Dara* and Asma* sell toys to help provide for their family. They have been displaced with their family from a village in eastern rural Idlib, due to increased shelling and airstrikes.

Dara* and Asma sell toys in Idlib, Syria to provide for their family. The sisters have been displaced with their family due to increased shelling and airstrikes.

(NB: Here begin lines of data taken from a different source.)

Lemma lslope_piece i t : (i < k)%nat -> B i < t <= B i.+1 -> lslope g t = - S i.
Proof.
move=> ik [t1 t2]; have [_ lin] := pieces ik.
apply: (@lslope_eq _ _ _ (t - B i)) => [|h [h1 h2]]; first lra.
rewrite (lin (t - h)); last lra.
rewrite (lin t); last lra.
ring.
Qed.

Lemma piece_right t : 0 <= t < M -> exists2 i, (i < k)%nat & B i <= t < B i.+1.
Proof.
move=> [t0 tM].
suff: forall n, (n <= k)%nat -> t < B n -> exists2 i, (i < n)%nat & B i <= t < B i.+1.
  by apply; rewrite ?bs_last.
elim=> [|n IH] nk tn; first by rewrite bs_first in tn; lra.
case: (Rle_lt_dec (B n) t) => [nt|tn']; first by exists n.
by have [i ilt Hi] := IH (ltnW nk) tn'; exists i => //; apply: ltnW.
Qed.

Lemma piece_left t : 0 < t <= M -> exists2 i, (i < k)%nat & B i < t <= B i.+1.
Proof.
move=> [t0 tM].
suff: forall n, (n <= k)%nat -> t <= B n -> exists2 i, (i < n)%nat & B i < t <= B i.+1.
  by apply; rewrite ?bs_last.
elim=> [|n IH] nk tn; first by rewrite bs_first in tn; lra.
case: (Rlt_le_dec (B n) t) => [nt|tn']; first by exists n.
by have [i ilt Hi] := IH (ltnW nk) tn'; exists i => //; apply: ltnW.
Qed.

Hypothesis jumps_ge0 : forall t, 0 < t < M -> 0 <= rslope g t + lslope g t.

Lemma slope_leS i : (i.+1 < k)%nat -> S i <= S i.+1.
Proof.
move=> ik.
have b_pos : 0 < B i.+1 by rewrite -{1}bs_first; apply: breaks_lt; lia.
have b_M : B i.+1 < M by rewrite -bs_last; apply: breaks_lt; lia.
have [b12 _] := pieces ik; have [b01 _] := pieces (ltnW ik).
have := jumps_ge0 (conj b_pos b_M).
by rewrite (rslope_piece (i := i.+1)) ?(lslope_piece (i := i)) //; try lra; exact: ltnW.
Qed.
From HB Require Import structures.
From mathcomp Require Import all_boot all_order all_algebra.
From mathcomp Require Import all_classical all_reals all_analysis.
From mathcomp Require Import lra measurable_realfun.
Import Order.TTheory GRing.Theory Num.Theory.
Import numFieldNormedType.Exports.
Set Implicit Arguments. Unset Strict Implicit. Unset Printing Implicit Defensive.
Local Open Scope classical_set_scope.
Local Open Scope ring_scope.

(* With c := 1/2 - delta, the bids kink c a x = x/2 - c (x - a)^+ have slope 1/2 or
   delta, so they lie in B_delta, and they are W^{1,1}-close to beta* when a is close
   to 1.  Let bidder 1 bid kink c (1 - k/2) against the rival bid kink c (1 - k).  The
   direction beta - beta* = -c (x - 1 + k/2)^+ vanishes below 1 - k/2; above it the
   perturbed bid still beats the rival's highest bid 1/2 - c k for every step e < 1,
   because c > 1/4 (only delta < 1/4 is used).  So the winning probability is 1
   wherever the bid moves, U is affine in e near 0, and the directional derivative is
   c * int_0^1 (x - 1 + k/2)^+ dx > 0. *)

Section interval_integrals.
Variable R : realType.
Local Notation mu := (@lebesgue_measure R).

Lemma lebesgue_measure_itv0 (x : R) : 0 <= x -> mu `]0, x[%classic = x%:E.
Proof.
move=> x_ge0; rewrite lebesgue_measure_itv /= lte_fin.
have [x_gt0|] := ltP 0 x; first by rewrite -EFinD subr0.
by move=> x_le0; rewrite (@le_anti _ _ x 0) ?x_le0.
Qed.

Lemma Rintegral_cst_itv0 (x r : R) : 0 <= x ->
  Rintegral mu `]0, x[ (fun _ => r) = r * x.
Proof.
move=> x_ge0; rewrite Rintegral_cst // -[in RHS](_ : fine x%:E = x) //.
by congr (_ * fine _); exact: lebesgue_measure_itv0.
Qed.

Lemma bounded_integrable_itv0 (x M : R) (f : R -> R) :
  measurable_fun `]0, x[ f -> (forall t, 0 < t < x -> `|f t| <= M) ->
  mu.-integrable `]0, x[ (EFin \o f).
Proof.
have mu_fin : (mu (`]0%R, x[%classic : set R) < +oo)%E.
  by rewrite lebesgue_measure_itv /=; case: ifP => _; rewrite ?ltry.
move=> mf f_le; apply: measurable_bounded_integrable => //.
have f_bounded : \forall N \near +oo, forall t, `]0, x[%classic t -> `|f t| <= N.
  near=> N => t; rewrite /= in_itv /= => /f_le /le_trans; apply.
  by near: N; apply: nbhs_pinfty_ge; exact: num_real.
exact: f_bounded.
Unshelve. all: by end_near.
Qed.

‘Anxiety, Panic Attacks’ Among Displaced Syrians Highlight Critical Gaps in Mental Health Support

Displaced Syrian children feel scared, exhausted, and are afraid to go home, according to new paper by Save the Children

FAIRFIELD, Conn. (June 24, 2020)—Almost a decade of being uprooted by conflict is taking an immense toll on the mental health of Syrian children, a new paper by Save the Children revealed today.[i] They feel scared, suffer discrimination, and are afraid to go home, interviews with almost 170 Syrian children showed.

Traumatic experiences in Syria have left children feeling ambiguous about returning home - even children who are desperate to go home suffer from anxiety and fear at the prospect. Parents reported that their children are experiencing extreme stress at the idea, including ‘panic attacks, relentless feelings of fear, self-isolation, and bedwetting.’

Kinan* who is currently living in Jordan, is afraid to return to Syria. "I will be unhappy. I have so many fears about the war,” he said. “I am afraid that someday a missile will hit the roof of my house and fall on my head while sleeping."

The impacts on displaced children’s emotional wellbeing reach far beyond the initial severe distress of being forced to flee the bombs and bullets that destroyed their homes, Save the Children said today, and affected every aspect of their lives.

Being forced from their homes ripped stability from children as they lost their home, the routine of going to school, friends, other support networks, and the usual patterns of family life.

During the interviews, children showed a concerning absence of ways to cope with stress, which  compounds year after year as their displacement continues. Their self-worth and resilience are being diminished, and many children have not found a way to relax or to just be children.  

"Living [here], I feel terrible,” said 16-year-old Safaa*, a Syrian refugee in the region, as she began to cry. “I feel so much pain inside. We’re poor in a foreign country, and I miss my country." 

Many displaced children are forced to grow up too fast and prematurely take on adult roles to support their families, Save the Children warned. Parents lamented the lack of toys and games available to their children.

Ten-year-old Dara* sells used toys in front of her family’s destroyed home to support her father, whose disability prevents him from working.

“I wish I could play with one of these toys, but I can’t. I sell them so we can live with that money.”

Children who are refugees outside of Syria reported continued discrimination, making them feel unsafe outside of their homes.

Twelve-year-old Fadi* fled Aleppo with his family and is now living in a neighboring country. “We suffer from extreme racism in neighborhoods and schools,” he said. “It’s humiliating, making me feel that death in Syria would be easier for us than to stay in this place.”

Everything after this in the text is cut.